══ DATA SHOWN ══

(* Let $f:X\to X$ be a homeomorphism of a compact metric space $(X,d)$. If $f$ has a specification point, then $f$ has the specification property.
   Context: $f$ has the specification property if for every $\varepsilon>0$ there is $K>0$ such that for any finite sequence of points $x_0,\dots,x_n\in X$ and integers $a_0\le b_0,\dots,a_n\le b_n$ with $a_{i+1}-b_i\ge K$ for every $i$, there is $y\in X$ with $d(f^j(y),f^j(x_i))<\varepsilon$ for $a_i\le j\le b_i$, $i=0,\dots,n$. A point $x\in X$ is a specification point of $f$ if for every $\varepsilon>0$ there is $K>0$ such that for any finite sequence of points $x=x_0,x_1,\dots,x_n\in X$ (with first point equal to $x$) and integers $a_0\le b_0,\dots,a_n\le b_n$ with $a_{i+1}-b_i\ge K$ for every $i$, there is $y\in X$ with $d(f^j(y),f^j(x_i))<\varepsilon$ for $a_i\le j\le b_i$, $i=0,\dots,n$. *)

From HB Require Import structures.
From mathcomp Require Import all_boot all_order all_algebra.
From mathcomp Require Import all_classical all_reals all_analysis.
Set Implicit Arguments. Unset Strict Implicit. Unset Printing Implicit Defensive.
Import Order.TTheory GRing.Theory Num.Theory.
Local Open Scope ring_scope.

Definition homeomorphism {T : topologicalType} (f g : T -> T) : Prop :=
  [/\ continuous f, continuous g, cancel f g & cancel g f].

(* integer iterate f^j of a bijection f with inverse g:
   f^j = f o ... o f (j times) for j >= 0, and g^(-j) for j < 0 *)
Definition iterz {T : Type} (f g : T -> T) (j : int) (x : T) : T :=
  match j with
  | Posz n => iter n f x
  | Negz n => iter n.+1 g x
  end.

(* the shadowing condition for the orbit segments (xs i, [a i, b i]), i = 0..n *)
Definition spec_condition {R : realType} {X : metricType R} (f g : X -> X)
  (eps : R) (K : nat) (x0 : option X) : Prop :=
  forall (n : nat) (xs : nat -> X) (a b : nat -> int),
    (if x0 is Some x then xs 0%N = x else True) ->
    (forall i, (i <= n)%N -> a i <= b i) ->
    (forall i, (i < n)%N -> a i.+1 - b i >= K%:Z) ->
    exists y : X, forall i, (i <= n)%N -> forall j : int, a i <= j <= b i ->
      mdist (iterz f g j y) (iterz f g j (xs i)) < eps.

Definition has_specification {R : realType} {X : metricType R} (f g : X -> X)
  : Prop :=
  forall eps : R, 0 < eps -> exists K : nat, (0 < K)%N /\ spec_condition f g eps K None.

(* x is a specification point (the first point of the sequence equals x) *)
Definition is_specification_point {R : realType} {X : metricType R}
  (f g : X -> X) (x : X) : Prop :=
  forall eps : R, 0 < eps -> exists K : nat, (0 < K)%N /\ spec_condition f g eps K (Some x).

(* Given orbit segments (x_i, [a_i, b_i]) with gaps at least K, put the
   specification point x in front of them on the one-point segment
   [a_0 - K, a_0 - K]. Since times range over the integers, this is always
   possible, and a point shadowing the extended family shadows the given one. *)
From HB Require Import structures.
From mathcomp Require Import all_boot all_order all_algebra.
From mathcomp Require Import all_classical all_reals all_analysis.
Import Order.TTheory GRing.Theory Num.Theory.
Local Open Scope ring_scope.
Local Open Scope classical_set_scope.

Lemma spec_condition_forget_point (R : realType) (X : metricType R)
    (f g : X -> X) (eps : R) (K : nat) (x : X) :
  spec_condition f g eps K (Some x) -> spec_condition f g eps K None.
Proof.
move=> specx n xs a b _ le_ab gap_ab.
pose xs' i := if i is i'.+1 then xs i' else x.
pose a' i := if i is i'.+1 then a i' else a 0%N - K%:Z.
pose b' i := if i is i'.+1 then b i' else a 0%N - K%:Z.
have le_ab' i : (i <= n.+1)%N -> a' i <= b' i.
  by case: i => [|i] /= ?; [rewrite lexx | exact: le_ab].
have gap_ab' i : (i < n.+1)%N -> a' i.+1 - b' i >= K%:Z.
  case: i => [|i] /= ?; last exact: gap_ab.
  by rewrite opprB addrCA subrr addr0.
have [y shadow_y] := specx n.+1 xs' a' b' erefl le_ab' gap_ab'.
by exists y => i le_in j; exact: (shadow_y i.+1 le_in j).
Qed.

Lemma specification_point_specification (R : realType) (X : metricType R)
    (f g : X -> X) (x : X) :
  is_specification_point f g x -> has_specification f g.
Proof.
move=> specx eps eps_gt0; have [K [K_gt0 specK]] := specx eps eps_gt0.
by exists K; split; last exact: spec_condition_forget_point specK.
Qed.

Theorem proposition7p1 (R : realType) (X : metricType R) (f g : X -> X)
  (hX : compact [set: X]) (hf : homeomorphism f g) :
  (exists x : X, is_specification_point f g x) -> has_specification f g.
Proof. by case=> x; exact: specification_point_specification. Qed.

═══

**EXERCISE**
When you reach the line holding "(* integer iterate" in the records above, begin reproducing exactly, stop after the line holding "mdist (iterz f", and output nothing else.

**PROBLEM SOLUTION**
(* integer iterate f^j of a bijection f with inverse g:
   f^j = f o ... o f (j times) for j >= 0, and g^(-j) for j < 0 *)
Definition iterz {T : Type} (f g : T -> T) (j : int) (x : T) : T :=
  match j with
  | Posz n => iter n f x
  | Negz n => iter n.+1 g x
  end.

(* the shadowing condition for the orbit segments (xs i, [a i, b i]), i = 0..n *)
Definition spec_condition {R : realType} {X : metricType R} (f g : X -> X)
  (eps : R) (K : nat) (x0 : option X) : Prop :=
  forall (n : nat) (xs : nat -> X) (a b : nat -> int),
    (if x0 is Some x then xs 0%N = x else True) ->
    (forall i, (i <= n)%N -> a i <= b i) ->
    (forall i, (i < n)%N -> a i.+1 - b i >= K%:Z) ->
    exists y : X, forall i, (i <= n)%N -> forall j : int, a i <= j <= b i ->
      mdist (iterz f g j y) (iterz f g j (xs i)) < eps.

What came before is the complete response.